[TASK OBJECTIVE] Output the number of lines in the entries below with the string "Section" in them, and nothing further.

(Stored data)
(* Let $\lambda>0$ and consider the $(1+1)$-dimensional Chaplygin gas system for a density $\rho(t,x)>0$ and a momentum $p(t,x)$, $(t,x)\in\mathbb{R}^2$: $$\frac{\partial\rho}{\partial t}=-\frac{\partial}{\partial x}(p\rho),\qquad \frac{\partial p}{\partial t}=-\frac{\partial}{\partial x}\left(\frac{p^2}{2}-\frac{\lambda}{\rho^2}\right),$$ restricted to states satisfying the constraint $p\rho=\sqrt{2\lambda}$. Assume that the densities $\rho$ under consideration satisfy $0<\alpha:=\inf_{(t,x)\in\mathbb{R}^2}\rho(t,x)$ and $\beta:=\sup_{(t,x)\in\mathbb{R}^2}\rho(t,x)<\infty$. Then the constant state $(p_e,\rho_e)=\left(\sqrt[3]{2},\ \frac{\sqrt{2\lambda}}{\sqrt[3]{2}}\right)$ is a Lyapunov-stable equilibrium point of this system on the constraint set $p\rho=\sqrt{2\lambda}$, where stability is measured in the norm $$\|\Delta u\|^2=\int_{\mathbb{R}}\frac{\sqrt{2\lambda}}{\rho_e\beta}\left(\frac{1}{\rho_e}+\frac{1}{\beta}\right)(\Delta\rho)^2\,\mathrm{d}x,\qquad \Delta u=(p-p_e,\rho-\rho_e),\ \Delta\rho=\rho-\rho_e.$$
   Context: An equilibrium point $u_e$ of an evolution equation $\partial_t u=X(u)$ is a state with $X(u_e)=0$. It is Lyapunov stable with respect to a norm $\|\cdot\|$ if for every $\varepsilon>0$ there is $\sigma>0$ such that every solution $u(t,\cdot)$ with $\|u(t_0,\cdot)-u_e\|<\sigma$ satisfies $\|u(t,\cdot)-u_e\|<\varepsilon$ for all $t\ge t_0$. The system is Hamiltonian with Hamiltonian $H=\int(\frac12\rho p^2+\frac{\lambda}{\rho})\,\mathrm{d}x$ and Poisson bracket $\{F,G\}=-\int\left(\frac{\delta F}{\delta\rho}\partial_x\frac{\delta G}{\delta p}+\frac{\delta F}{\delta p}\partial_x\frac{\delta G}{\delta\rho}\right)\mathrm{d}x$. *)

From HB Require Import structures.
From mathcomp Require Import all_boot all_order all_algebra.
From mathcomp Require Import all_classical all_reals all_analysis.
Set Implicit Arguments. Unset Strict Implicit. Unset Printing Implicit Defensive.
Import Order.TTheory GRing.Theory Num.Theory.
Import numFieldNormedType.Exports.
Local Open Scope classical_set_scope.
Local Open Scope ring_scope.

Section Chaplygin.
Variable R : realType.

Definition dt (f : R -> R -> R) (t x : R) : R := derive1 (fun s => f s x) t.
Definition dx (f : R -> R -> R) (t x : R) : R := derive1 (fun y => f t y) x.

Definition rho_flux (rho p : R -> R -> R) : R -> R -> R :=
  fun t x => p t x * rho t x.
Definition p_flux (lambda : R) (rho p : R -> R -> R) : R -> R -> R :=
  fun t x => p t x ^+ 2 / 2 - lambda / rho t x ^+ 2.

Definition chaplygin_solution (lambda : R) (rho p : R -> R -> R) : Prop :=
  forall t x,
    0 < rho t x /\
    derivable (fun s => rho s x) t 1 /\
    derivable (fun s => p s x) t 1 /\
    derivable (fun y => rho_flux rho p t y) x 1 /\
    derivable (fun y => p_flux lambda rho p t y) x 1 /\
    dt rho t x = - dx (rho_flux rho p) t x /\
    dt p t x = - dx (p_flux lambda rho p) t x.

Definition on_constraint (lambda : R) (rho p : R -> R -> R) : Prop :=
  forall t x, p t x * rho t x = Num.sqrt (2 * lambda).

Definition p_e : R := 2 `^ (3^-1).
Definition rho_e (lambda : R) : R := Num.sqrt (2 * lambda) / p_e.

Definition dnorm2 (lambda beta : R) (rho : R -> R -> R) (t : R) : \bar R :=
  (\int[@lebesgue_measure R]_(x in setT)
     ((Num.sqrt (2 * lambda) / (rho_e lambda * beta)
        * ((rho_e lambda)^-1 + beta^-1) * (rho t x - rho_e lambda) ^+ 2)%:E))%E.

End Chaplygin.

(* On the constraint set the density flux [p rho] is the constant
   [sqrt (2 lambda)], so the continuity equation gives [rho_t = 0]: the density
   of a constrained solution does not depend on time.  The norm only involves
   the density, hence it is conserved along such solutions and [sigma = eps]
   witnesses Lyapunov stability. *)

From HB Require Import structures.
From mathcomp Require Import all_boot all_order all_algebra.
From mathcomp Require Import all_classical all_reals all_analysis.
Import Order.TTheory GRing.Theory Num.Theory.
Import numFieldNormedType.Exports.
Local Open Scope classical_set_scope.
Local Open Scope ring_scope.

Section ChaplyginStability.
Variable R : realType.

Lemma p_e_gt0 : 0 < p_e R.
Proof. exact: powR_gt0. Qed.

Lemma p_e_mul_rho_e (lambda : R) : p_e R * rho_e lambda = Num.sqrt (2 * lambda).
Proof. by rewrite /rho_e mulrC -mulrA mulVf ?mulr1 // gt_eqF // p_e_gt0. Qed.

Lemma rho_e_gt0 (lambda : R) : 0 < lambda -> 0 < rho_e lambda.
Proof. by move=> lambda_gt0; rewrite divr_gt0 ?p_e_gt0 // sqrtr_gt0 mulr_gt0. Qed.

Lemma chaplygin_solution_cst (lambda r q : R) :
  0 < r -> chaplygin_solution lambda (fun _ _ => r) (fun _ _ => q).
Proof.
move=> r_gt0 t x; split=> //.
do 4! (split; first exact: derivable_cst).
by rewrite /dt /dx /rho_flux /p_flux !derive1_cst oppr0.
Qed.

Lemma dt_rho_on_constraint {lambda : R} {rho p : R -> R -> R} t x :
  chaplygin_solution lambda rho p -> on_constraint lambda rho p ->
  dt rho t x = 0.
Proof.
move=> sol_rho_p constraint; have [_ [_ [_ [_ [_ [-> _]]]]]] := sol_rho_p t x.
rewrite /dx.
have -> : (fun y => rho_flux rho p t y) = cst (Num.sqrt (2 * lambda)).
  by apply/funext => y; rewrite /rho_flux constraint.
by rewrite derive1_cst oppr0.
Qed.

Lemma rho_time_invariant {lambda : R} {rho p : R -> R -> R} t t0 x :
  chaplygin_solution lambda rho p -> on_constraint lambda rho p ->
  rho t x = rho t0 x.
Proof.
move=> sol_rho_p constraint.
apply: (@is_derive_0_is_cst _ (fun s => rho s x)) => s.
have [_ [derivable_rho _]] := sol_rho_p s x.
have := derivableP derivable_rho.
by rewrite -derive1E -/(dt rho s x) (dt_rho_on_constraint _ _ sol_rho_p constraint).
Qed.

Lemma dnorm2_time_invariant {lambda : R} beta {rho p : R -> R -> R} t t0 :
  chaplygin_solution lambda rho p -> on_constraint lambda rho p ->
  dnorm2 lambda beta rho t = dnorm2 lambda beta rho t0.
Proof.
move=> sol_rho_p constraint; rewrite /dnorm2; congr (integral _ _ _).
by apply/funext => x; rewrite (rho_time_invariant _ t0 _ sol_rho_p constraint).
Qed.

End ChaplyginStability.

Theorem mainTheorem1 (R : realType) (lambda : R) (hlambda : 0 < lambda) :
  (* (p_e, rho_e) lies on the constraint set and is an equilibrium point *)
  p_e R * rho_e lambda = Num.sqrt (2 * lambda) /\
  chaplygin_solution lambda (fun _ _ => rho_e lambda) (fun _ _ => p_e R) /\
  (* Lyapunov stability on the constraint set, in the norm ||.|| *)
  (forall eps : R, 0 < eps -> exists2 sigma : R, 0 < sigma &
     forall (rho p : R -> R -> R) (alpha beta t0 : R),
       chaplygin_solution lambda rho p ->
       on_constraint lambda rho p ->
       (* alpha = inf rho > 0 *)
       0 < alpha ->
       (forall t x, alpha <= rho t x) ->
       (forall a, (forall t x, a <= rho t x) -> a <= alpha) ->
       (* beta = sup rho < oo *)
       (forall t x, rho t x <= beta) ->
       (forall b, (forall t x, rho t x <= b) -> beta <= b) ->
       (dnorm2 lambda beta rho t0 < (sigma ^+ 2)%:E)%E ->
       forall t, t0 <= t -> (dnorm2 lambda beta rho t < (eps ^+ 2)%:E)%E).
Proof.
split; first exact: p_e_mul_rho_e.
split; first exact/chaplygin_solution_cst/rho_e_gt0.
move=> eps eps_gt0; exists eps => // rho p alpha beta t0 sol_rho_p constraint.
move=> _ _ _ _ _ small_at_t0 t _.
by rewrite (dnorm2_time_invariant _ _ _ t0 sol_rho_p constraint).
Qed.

[SOLVED PROBLEM] 2